(* Let $X$ be a Hausdorff hereditarily disconnected space. If $\mathcal{C}\subset\mathcal{K}(X)$ is connected and there exists $T\in\mathcal{C}$ that is scattered, then $|\mathcal{C}|=1$.
   Context: $\mathcal{K}(X)$ is the set of nonempty compact subsets of $X$ with the Vietoris topology (generated by $U^+=\{A: A\subset U\}$ and $U^-=\{A: A\cap U\neq\emptyset\}$ for $U$ open in $X$). A space is hereditarily disconnected if every nonempty connected subset is a singleton. A space is scattered if every nonempty subset has an isolated point (in its relative topology). *)

From HB Require Import structures.
From mathcomp Require Import all_boot all_order all_algebra.
From mathcomp Require Import all_classical all_reals all_analysis.
Set Implicit Arguments. Unset Strict Implicit. Unset Printing Implicit Defensive.
Local Open Scope classical_set_scope.

Definition hereditarily_disconnected (X : topologicalType) : Prop :=
  forall A : set X, A !=set0 -> connected A -> exists x : X, A = [set x].

Definition isolated_in (X : topologicalType) (S : set X) (x : X) : Prop :=
  S x /\ exists U : set X, open U /\ U `&` S = [set x].

Definition scattered (X : topologicalType) (S : set X) : Prop :=
  forall A : set X, A `<=` S -> A !=set0 -> exists x : X, isolated_in A x.

Definition hyperspace (X : topologicalType) : Type :=
  {A : set X | A !=set0 /\ compact A}.

HB.instance Definition _ (X : topologicalType) :=
  gen_eqMixin (hyperspace X).
HB.instance Definition _ (X : topologicalType) :=
  gen_choiceMixin (hyperspace X).

(* Vietoris topology: subbase U^+ = {A | A ⊆ U}, U^- = {A | A ∩ U ≠ ∅}, U open. *)
Definition vietoris_subbase (X : topologicalType) (i : bool * set X)
  : set (hyperspace X) :=
  if i.1 then [set A | proj1_sig A `<=` i.2]
  else [set A | proj1_sig A `&` i.2 !=set0].

HB.instance Definition _ (X : topologicalType) :=
  @isSubBaseTopological.Build (hyperspace X) (bool * set X)%type
    [set i | open i.2] (@vietoris_subbase X).

From HB Require Import structures.
From mathcomp Require Import all_boot all_order all_algebra.
From mathcomp Require Import all_classical all_reals all_analysis.
From mathcomp Require Import finmap.
Local Open Scope classical_set_scope.

(* Consider the incidence set Z = {(x, A) | A \in C, x \in A} in X * K(X) and its
   quasi-components.  Because C is connected and the fibres of Z are compact, every
   quasi-component of a closed lower semicontinuous part of Z meets every fibre over C.
   Hence, if each quasi-component of Z is vertical (has a single first coordinate),
   every A in C is contained in T and conversely, so C = {T}.
   Otherwise Zorn's lemma and the scatteredness of T give a non-vertical
   quasi-component W0 and a clopen P containing it in which all other
   quasi-components are vertical.  The same argument inside W0 gives a clopen piece
   of W0 whose projection to X is connected, hence a point y.  Compact hereditarily
   disconnected Hausdorff spaces are zero-dimensional, so a clopen part of T around y
   avoids the points x with {x} * C contained in W0; it extends the piece to a clopen
   subset of Z meeting W0 only in the piece, contradicting the choice of W0. *)

Set Implicit Arguments. Unset Strict Implicit. Unset Printing Implicit Defensive.

Lemma near_all_seq (T : Type) (I : eqType) (F : set_system T) {FF : Filter F}
    (s : seq I) (P : I -> set T) :
  (forall i, i \in s -> F (P i)) -> \forall x \near F, forall i, i \in s -> P i x.
Proof.
elim: s => [|a s IH] FP; first exact: filterE.
have FPs : \forall x \near F, forall i, i \in s -> P i x.
  by apply: IH => i si; apply: FP; rewrite inE si orbT.
apply: filterS2 (FP a (mem_head a s)) FPs => x Pa Ps i.
by rewrite inE => /orP[/eqP -> //|/Ps].
Qed.

Lemma closure_subset_closed (S : topologicalType) (A F : set S) :
  closed F -> A `<=` F -> closure A `<=` F.
Proof. by move=> cF AF; rewrite [X in _ `<=` X]((closure_id F).1 cF); exact: closureS. Qed.

Section Compactness.
Context {S : topologicalType}.

Lemma compact_finite_cover (K : set S) (V : S -> set S) :
  compact K -> (forall x, K x -> nbhs x (V x)) ->
  exists s : seq S, forall y, K y -> exists2 x, x \in s /\ K x & V x y.
Proof.
move=> /compact_near_coveringP cK KV.
pose F := [set Q : set (seq S) |
  exists s0 : seq S, forall s : seq S, {subset s0 <= s} -> Q s].
have FF : Filter F.
  split; first by exists [::].
  - move=> Q1 Q2 [s1 Q1s] [s2 Q2s]; exists (s1 ++ s2) => s sub; split.
    + by apply: Q1s => x xs; apply: sub; rewrite mem_cat xs.
    + by apply: Q2s => x xs; apply: sub; rewrite mem_cat xs orbT.
  - by move=> Q1 Q2 Q12 [s0 Q1s]; exists s0 => s /Q1s /Q12.
have := cK _ F (fun s y => exists2 x, x \in s /\ K x & V x y) FF; case.
  move=> x Kx; exists (V x, [set s | x \in s]).
    by split; [exact: KV | exists [:: x] => s; apply; exact: mem_head].
  by move=> [y s] /= [Vy xs]; exists x.
by move=> s0 /(_ s0 (fun _ => id)); exists s0.
Qed.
○ ○ ○ ○ ○ ○ ○
### [Problem]
The expected answer is an exact copy of the lines above, beginning at the line with "avoids the points" and ending at the line with "by apply: IH", with both ends in.

### [Answer for this exercise]
   avoids the points x with {x} * C contained in W0; it extends the piece to a clopen
   subset of Z meeting W0 only in the piece, contradicting the choice of W0. *)

Set Implicit Arguments. Unset Strict Implicit. Unset Printing Implicit Defensive.

Lemma near_all_seq (T : Type) (I : eqType) (F : set_system T) {FF : Filter F}
    (s : seq I) (P : I -> set T) :
  (forall i, i \in s -> F (P i)) -> \forall x \near F, forall i, i \in s -> P i x.
Proof.
elim: s => [|a s IH] FP; first exact: filterE.
have FPs : \forall x \near F, forall i, i \in s -> P i x.
  by apply: IH => i si; apply: FP; rewrite inE si orbT.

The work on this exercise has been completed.